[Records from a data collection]
________
Lemma cubic_minors_mon t : cubic_minors (mon 3 t) = 0.
Proof. by apply/cubic_minors_eq0; rewrite /cubic_minor !monE //; split; ring. Qed.

Lemma cubic_minors_mon_inf : cubic_minors (mon_inf F 3) = 0.
Proof.
by apply/cubic_minors_eq0; rewrite /cubic_minor !mon_infE //=; split; ring.
Qed.

Lemma cubic1P w : w != 0 -> rnc predT (1%:M : 'M[F]_4) w <-> cubic_minors w = 0.
Proof.
move=> w0; split.
  case=> [[t _]|]; rewrite mulmx1 => /pt_eq_sym/pt_eqP[_ [c _ ->]];
  by rewrite cubic_minorsZ ?cubic_minors_mon ?cubic_minors_mon_inf scaler0.
case/cubic_minors_eq0; rewrite /cubic_minor.
set x0 := w ord0 (inord 0); set x1 := w ord0 (inord 1).
set x2 := w ord0 (inord 2); set x3 := w ord0 (inord 3).
move=> /eqP; rewrite subr_eq0 => /eqP e02 /eqP; rewrite subr_eq0 => /eqP e13.
move=> /eqP; rewrite subr_eq0 => /eqP e03.
have [x0_0|x0_neq0] := eqVneq x0 0.
  have x1_0 : x1 = 0.
    by apply/eqP; rewrite -[_ == 0]orbb -mulf_eq0 -e02 x0_0 mul0r.
  have x2_0 : x2 = 0.
    by apply/eqP; rewrite -[_ == 0]orbb -mulf_eq0 -e13 x1_0 mul0r.
  right; rewrite mulmx1; have -> : w = x3 *: mon_inf F 3.
    apply: eq_row4; rewrite !mxE !inordK //= -/x0 -/x1 -/x2 -/x3;
    by rewrite ?x0_0 ?x1_0 ?x2_0; ring.
  apply/pt_eq_sym/pt_eq_scale; first exact: mon_inf_neq0.
  by apply: contra w0 => /eqP x3_0; apply/eqP/eq_row4; rewrite !mxE.
left; exists (x1 / x0) => //; rewrite mulmx1.
have e2 : x2 = x1 * x1 / x0 by rewrite -e02; field.
have e3 : x3 = x1 * x2 / x0 by rewrite -e03; field.
have -> : w = x0 *: mon 3 (x1 / x0).
  apply: eq_row4; rewrite !mxE !inordK //= -/x0 -/x1 -/x2 -/x3; try field => //.
    by rewrite e2; field.
  by rewrite e3 e2; field.
by apply/pt_eq_sym/pt_eq_scale; rewrite ?mon_neq0.
Qed.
________
To do:
For each line above that includes "split", make a copy.

Reply to the exercise:
Proof. by apply/cubic_minors_eq0; rewrite /cubic_minor !monE //; split; ring. Qed.
by apply/cubic_minors_eq0; rewrite /cubic_minor !mon_infE //=; split; ring.
move=> w0; split.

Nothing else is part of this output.